TSN inhibits apoptosis of A/R-induced H9c2 cardiomyocytes by downregulating VDAC1. (A) Expression of (B) apoptosis-associated proteins was detected by western blot analysis in A/R-induced cells following TSN, pAd/VDAC1 and pAd/NC pretreatment. (C) Caspase-3 activity was measured using a Caspase-3 kit in A/R-induced cells after TSN, pAd/VDAC1 and pAd/NC treatment. (D) MMP and (E) apoptosis were detected by flow cytometry. (F) MMP levels detected by JC-1 in H9c2 cells indicated by the red/green fluorescence ratio. (G) Apoptotic rate measured by Annexin V-FITC/PI flow cytometry.

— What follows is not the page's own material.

(* Let $D$ be a CAEXT derivation ending in a configuration $C\neq\mathsf{unsat}$. Then in $C$, for all array terms $a,b$ and index terms $i$: if $\pi(a,b[i])\neq()$, then the formula $\mathcal R(a,b[i])\Rightarrow a[i]\approx b[i]$ is valid in the theory of extensional constant arrays.
   Context: Theory. Many-sorted first-order logic with equality. There is an index sort $\sigma$, an element sort $\tau$, and an array sort $(\sigma\to\tau)$, with function symbols: read $a[i]$, write $a\langle i\triangleleft u\rangle$, and constant array $\langle v\rangle$. The theory of extensional constant arrays consists of all interpretations satisfying: (row-eq) $\forall a,i,j,u.\ i\approx j\Rightarrow a\langle i\triangleleft u\rangle[j]\approx u$; (row-ne) $\forall a,i,j,u.\ i\not\approx j\Rightarrow a\langle i\triangleleft u\rangle[j]\approx a[j]$; (ext) $\forall a,b.\ a\approx b\Leftrightarrow \forall i.\ a[i]\approx b[i]$; (roc) $\forall i,v.\ \langle v\rangle[i]\approx v$. The empty theory treats all these symbols (and the array sort) as uninterpreted. $T(A)$ is the set of terms occurring in $A$, $T_{\mathcal A}(A)$ the set of array terms in $A$, and $W(A)=\{a\langle i\triangleleft u\rangle[i]\approx u \mid a\langle i\triangleleft u\rangle\in T(A)\}$. Configurations. A configuration is either $\mathsf{unsat}$ or a triple $\langle A,\mathcal I,\pi\rangle$ where $A$ is a set of formulas (with flat literals), $\mathcal I$ is either $\mathcal I_0=\mathsf{none}$ or an interpretation in the empty theory satisfying $A$, and $\pi$ maps pairs $(a,t)$ ($a$ an array term, $t$ a read term $b[i]$ or a constant array term $\langle v\rangle$) to either the undefined value $()$ or a pair $(r,c)$ with $r$ a formula and $c$ an array term. $\pi_0$ maps every pair to $()$; the initial configuration for $A$ is $\langle A,\mathcal I_0,\pi_0\rangle$. Reasons. $\mathcal R(a,t)=()$ if $\pi(a,t)=()$; otherwise $\mathcal R(a,t)=\top$ if $t=a$ or $t=a[i]$ for some $i$; otherwise $\mathcal R(a,t)=\mathcal R(c,t)\wedge r$ where $\pi(a,t)=(r,c)$. Updated indices $I(a,\langle v\rangle)$: $()$ if $\pi(a,\langle v\rangle)=()$; $\emptyset$ if $a=\langle v\rangle$; $I(b,\langle v\rangle)\cup\{j\}$ if $\pi(a,\langle v\rangle)=(\top,b)$ with $b=a\langle j\triangleleft u\rangle$ or $a=b\langle j\triangleleft u\rangle$; otherwise $I(c,\langle v\rangle)$ where $\pi(a,\langle v\rangle)=(r,c)$. ''$\mathcal I\models\varphi$'' refers to the current $\mathcal I$ (empty theory); such premises require $\mathcal I\ne\mathcal I_0$. ''Reset'' means $(\mathcal I,\pi):=(\mathcal I_0,\pi_0)$. Rules of CAEXT: Interp: if $\mathcal I=\mathcal I_0$ and $\mathcal I'\models A\cup W(A)$ in the empty theory, set $\mathcal I:=\mathcal I'$. Conf: if $A\cup W(A)$ is empty-theory unsatisfiable, derive $\mathsf{unsat}$. InitR: $a[i]\in T(A)$ ⟹ $\pi(a,a[i]):=(\top,a)$. InitW: $s=a\langle i\triangleleft u\rangle\in T(A)$ ⟹ $\pi(s,s[i]):=(\top,s)$. RowD: $\mathcal I\models i\not\approx j$, $\pi(a\langle j\triangleleft u\rangle,b[i])\ne()$, $\pi(a,b[i])=()$ ⟹ $\pi(a,b[i]):=(i\not\approx j,a\langle j\triangleleft u\rangle)$. RowU: $\mathcal I\models i\not\approx j$, $a\langle j\triangleleft u\rangle\in T(A)$, $\pi(a,b[i])\ne()$, $\pi(a\langle j\triangleleft u\rangle,b[i])=()$ ⟹ $\pi(a\langle j\triangleleft u\rangle,b[i]):=(i\not\approx j,a)$. EqR: $\mathcal I\models a\approx c$, $a,c\in T_{\mathcal A}(A)$, $a\approx c\in T(A)$, $\pi(a,b[i])\ne()$, $\pi(c,b[i])=()$ ⟹ $\pi(c,b[i]):=(a\approx c,a)$. EqL: symmetric, $\pi(a,b[i]):=(a\approx c,c)$. CongR: $\mathcal I\models i\approx k$, $\pi(a,b[i])\ne()$, $\pi(a,c[k])\ne()$, $\mathcal I\models b[i]\not\approx c[k]$ ⟹ add $\mathcal R(a,b[i])\wedge\mathcal R(a,c[k])\wedge i\approx k\Rightarrow b[i]\approx c[k]$ to $A$, reset. DisEq: $\mathcal I\models a\not\approx c$, $a,c\in T_{\mathcal A}(A)$, $a\approx c\in T(A)$, $k_{\{a,c\}}\notin T(A)$ ⟹ add $a\not\approx c\Rightarrow a[k_{\{a,c\}}]\not\approx c[k_{\{a,c\}}]$ (fresh index constant $k_{\{a,c\}}$), reset. Roc: $\pi(\langle v\rangle,b[i])\ne()$, $\mathcal I\models b[i]\not\approx v$ ⟹ add $\mathcal R(\langle v\rangle,b[i])\Rightarrow b[i]\approx v$, reset. InitC: $\langle v\rangle\in T(A)$ ⟹ $\pi(\langle v\rangle,\langle v\rangle):=(\top,\langle v\rangle)$. CowD: $\pi(a\langle j\triangleleft u\rangle,\langle v\rangle)\ne()$, $\pi(a,\langle v\rangle)=()$, $\mathcal I\models\exists i{:}\sigma.\bigwedge_{k\in I(a\langle j\triangleleft u\rangle,\langle v\rangle)\cup\{j\}}i\not\approx k$ ⟹ $\pi(a,\langle v\rangle):=(\top,a\langle j\triangleleft u\rangle)$. CowU: $\pi(a,\langle v\rangle)\ne()$, $\pi(a\langle j\triangleleft u\rangle,\langle v\rangle)=()$, $a\langle j\triangleleft u\rangle\in T(A)$, $\mathcal I\models\exists i{:}\sigma.\bigwedge_{k\in I(a,\langle v\rangle)\cup\{j\}}i\not\approx k$ ⟹ $\pi(a\langle j\triangleleft u\rangle,\langle v\rangle):=(\top,a)$. CEqR: $\mathcal I\models a\approx c$, $a,c\in T_{\mathcal A}(A)$, $a\approx c\in T(A)$, $\pi(a,\langle v\rangle)\ne()$, $\pi(c,\langle v\rangle)=()$ ⟹ $\pi(c,\langle v\rangle):=(a\approx c,a)$. CEqL: symmetric, $\pi(a,\langle v\rangle):=(a\approx c,c)$. CongC: $\pi(a,\langle v\rangle)\ne()$, $\pi(a,\langle w\rangle)\ne()$, $\mathcal I\models v\not\approx w$, $\mathcal I\models\exists i{:}\sigma.\bigwedge_{k\in I(a,\langle v\rangle)\cup I(a,\langle w\rangle)}i\not\approx k$ ⟹ add $\mathcal R(a,\langle v\rangle)\wedge\mathcal R(a,\langle w\rangle)\wedge\exists i{:}\sigma.\bigwedge_{k\in I(a,\langle v\rangle)\cup I(a,\langle w\rangle)}i\not\approx k\Rightarrow v\approx w$, reset. Conflict rules: CongR, DisEq, Roc, CongC. A derivation is a sequence of configurations starting from an initial configuration, each obtained from the previous by a rule application. *)

From Stdlib Require Import List.
Import ListNotations.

Data are expressed as the mean ± SD (n=3). ^***P<0.05. TSN, Tanshinone IIA; A/R, Anoxia/reoxygenation; VDAC1, Voltage-dependent anion channel 1; NC, negative control; MMP, mitochondrial membrane potential.

Figure 8

Potential mechanism of TSN in myocardial ischemia/reperfusion injury. TSN pretreatment upregulates the expression of VDAC1, thereby decreasing the accumulation of ROS and iron and abnormal lipid metabolism, maintaining mitochondrial function and protecting the myocardium against anoxia/reoxygenation-induced ferroptosis and apoptosis. TSN, tanshinone IIA; VDAC1, Voltage-dependent anion channel 1; ROS, reactive oxygen species; MDA, malondialdehyde; GSH, Glutathione; GSSG, Glutathione disulfide; LDH, lactate dehydrogenase; MMP, Mitochondrial membrane potential.